▶ Information shown:
---

Definition process (v : V) (st : state) (u t : V) (d : option R) (s b : R)
  : state :=
  let nh0 := NH st t :\ u in
  let ph0 := PH st t :\ u in
  let dw := xadd d (w u v) in
  let '(D1, nh1, ph1) :=
    if xlt dw (Dv st t) then (upd1 (Dv st) t dw, nh0, ph0)
    else if dw == Dv st t then (Dv st, u |: nh0, ph0)
    else if xsub d (w u v) == Dv st t then (Dv st, nh0, u |: ph0)
    else (Dv st, nh0, ph0) in
  let S1 := upd2 (Sv st) u t s in
  let B1 := upd2 (Bv st) u t b in
  let S2 := if t != v then upd2 S1 v t (\sum_(x in nh1) S1 x t) else S1 in
  let B2 := upd2 B1 v t
     (S2 v t * \sum_(x in ph1)
                 (if S2 x t == 0 then 0 else (B1 x t + 1) / S2 x t)) in
  State D1 (upds (NH st) t nh1) (upds (PH st) t ph1) S2 B2
        (\sum_(x | x != v) B2 v x).

Definition inbox (v : V) : seq (V * V) := [seq p <- enum {: V * V} | adj v p.1].

(* a schedule fixes, for each phase k and each node v, the (arbitrary) order
   in which v processes the messages it receives in phase k+1 *)
Definition valid_schedule (sched : nat -> V -> seq (V * V)) : Prop :=
  forall k v, perm_eq (sched k v) (inbox v).
Theorem mainTheorem7 (H : HilbertSpace) (T : H -> H) (N : nat)
  (t : nat -> Cpx) (k : nat -> nat)
  (hT : bounded_operator T)
  (hdist : forall i j, (1 <= i <= N)%nat -> (1 <= j <= N)%nat -> i <> j -> t i <> t j)
  (hord : forall i j, (1 <= i <= j)%nat -> (j <= N)%nat -> Cabs (t j) <= Cabs (t i))
  (hk : forall i, (1 <= i <= N)%nat -> (1 <= k i)%nat)
  (hpoly : forall x : H, Pprod T t k N x = hzero) :
  exists m : nat, (m <= N)%nat /\
    (* T = t_i 1 on L_i for 1 <= i <= m *)
    (forall i, (1 <= i <= m)%nat -> forall x, Lsp T t k i x -> T x = hscal (t i) x) /\
    (* M_m is invariant, S := T|_{M_m} *)
    (forall x, Msp T t k m x -> Msp T t k m (T x)) /\
    (* (S - t_{m+1})^{k_{m+1}} ... (S - t_N)^{k_N} = 0 *)
    (forall x, Msp T t k m x -> Qprod T t k (N - m) m x = hzero) /\
    (* ||S|| > |t_i| for all i >= m+1 *)
    (forall i, (m + 1 <= i <= N)%nat ->
       exists s, is_opnorm_on (Msp T t k m) T s /\ s > Cabs (t i)).
Proof.
  pose proof (bounded_operator_lin T hT) as T_lin.
  pose proof (bounded_operator_bnd T hT) as T_bnd.
  destruct (maximal_prefix (dominated_stages T t k) N (dominated_stages_0 T t k))
    as [m [HmN [Hdom Hmax]]].
  destruct (dominated_stages_structure T t k T_lin T_bnd m (fun i Hi => hk i ltac:(lia)) Hdom)
    as [Heig Hinv].
  exists m. split; [exact HmN|]. split; [exact Heig|]. split; [exact Hinv|]. split.
  - (* Q x lies in M_m, and in R_m because P_m Q_{N-m} = P_N = 0. *)
    intros x Mx. apply (R_M_trivial T t k T_lin T_bnd m).
    + unfold Rsp. rewrite Pprod_Qprod by exact T_lin.
      replace (m + (N - m))%nat with N by lia. apply hpoly.
    + apply invariant_Qprod; [apply M_subspace | exact Hinv | exact Mx].
  - (* Stage m + 1 is not dominated, so ||S|| > |t_{m+1}| >= |t_i|. *)
    intros i Hi.
    destruct (not_dominated_witness T t k m Hdom (Hmax ltac:(lia))) as [v [Mv Hv]].
    destruct (opnorm_exists T _ (M_subspace T t k m) T_bnd) as [s Hs].
    exists s. split; [exact Hs|].
    apply Rle_lt_trans with (Cabs (t (S m))); [apply hord; lia|].
    rewrite Cabs_sqrt_Cabs2.
    exact (opnorm_gt T _ T_lin (M_subspace T t k m) s _ v Hs (Cabs2_ge0 _) Mv Hv).
Qed.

---

▶ Work instructions: Every record must be returned exactly.

▶ Answer box:
Definition process (v : V) (st : state) (u t : V) (d : option R) (s b : R)
  : state :=
  let nh0 := NH st t :\ u in
  let ph0 := PH st t :\ u in
  let dw := xadd d (w u v) in
  let '(D1, nh1, ph1) :=
    if xlt dw (Dv st t) then (upd1 (Dv st) t dw, nh0, ph0)
    else if dw == Dv st t then (Dv st, u |: nh0, ph0)
    else if xsub d (w u v) == Dv st t then (Dv st, nh0, u |: ph0)
    else (Dv st, nh0, ph0) in
  let S1 := upd2 (Sv st) u t s in
  let B1 := upd2 (Bv st) u t b in
  let S2 := if t != v then upd2 S1 v t (\sum_(x in nh1) S1 x t) else S1 in
  let B2 := upd2 B1 v t
     (S2 v t * \sum_(x in ph1)
                 (if S2 x t == 0 then 0 else (B1 x t + 1) / S2 x t)) in
  State D1 (upds (NH st) t nh1) (upds (PH st) t ph1) S2 B2
        (\sum_(x | x != v) B2 v x).

Definition inbox (v : V) : seq (V * V) := [seq p <- enum {: V * V} | adj v p.1].

(* a schedule fixes, for each phase k and each node v, the (arbitrary) order
   in which v processes the messages it receives in phase k+1 *)
Definition valid_schedule (sched : nat -> V -> seq (V * V)) : Prop :=
  forall k v, perm_eq (sched k v) (inbox v).
Theorem mainTheorem7 (H : HilbertSpace) (T : H -> H) (N : nat)
  (t : nat -> Cpx) (k : nat -> nat)
  (hT : bounded_operator T)
  (hdist : forall i j, (1 <= i <= N)%nat -> (1 <= j <= N)%nat -> i <> j -> t i <> t j)
  (hord : forall i j, (1 <= i <= j)%nat -> (j <= N)%nat -> Cabs (t j) <= Cabs (t i))
  (hk : forall i, (1 <= i <= N)%nat -> (1 <= k i)%nat)
  (hpoly : forall x : H, Pprod T t k N x = hzero) :
  exists m : nat, (m <= N)%nat /\
    (* T = t_i 1 on L_i for 1 <= i <= m *)
    (forall i, (1 <= i <= m)%nat -> forall x, Lsp T t k i x -> T x = hscal (t i) x) /\
    (* M_m is invariant, S := T|_{M_m} *)
    (forall x, Msp T t k m x -> Msp T t k m (T x)) /\
    (* (S - t_{m+1})^{k_{m+1}} ... (S - t_N)^{k_N} = 0 *)
    (forall x, Msp T t k m x -> Qprod T t k (N - m) m x = hzero) /\
    (* ||S|| > |t_i| for all i >= m+1 *)
    (forall i, (m + 1 <= i <= N)%nat ->
       exists s, is_opnorm_on (Msp T t k m) T s /\ s > Cabs (t i)).
Proof.
  pose proof (bounded_operator_lin T hT) as T_lin.
  pose proof (bounded_operator_bnd T hT) as T_bnd.
  destruct (maximal_prefix (dominated_stages T t k) N (dominated_stages_0 T t k))
    as [m [HmN [Hdom Hmax]]].
  destruct (dominated_stages_structure T t k T_lin T_bnd m (fun i Hi => hk i ltac:(lia)) Hdom)
    as [Heig Hinv].
  exists m. split; [exact HmN|]. split; [exact Heig|]. split; [exact Hinv|]. split.
  - (* Q x lies in M_m, and in R_m because P_m Q_{N-m} = P_N = 0. *)
    intros x Mx. apply (R_M_trivial T t k T_lin T_bnd m).
    + unfold Rsp. rewrite Pprod_Qprod by exact T_lin.
      replace (m + (N - m))%nat with N by lia. apply hpoly.
    + apply invariant_Qprod; [apply M_subspace | exact Hinv | exact Mx].
  - (* Stage m + 1 is not dominated, so ||S|| > |t_{m+1}| >= |t_i|. *)
    intros i Hi.
    destruct (not_dominated_witness T t k m Hdom (Hmax ltac:(lia))) as [v [Mv Hv]].
    destruct (opnorm_exists T _ (M_subspace T t k m) T_bnd) as [s Hs].
    exists s. split; [exact Hs|].
    apply Rle_lt_trans with (Cabs (t (S m))); [apply hord; lia|].
    rewrite Cabs_sqrt_Cabs2.
    exact (opnorm_gt T _ T_lin (M_subspace T t k m) s _ v Hs (Cabs2_ge0 _) Mv Hv).
Qed.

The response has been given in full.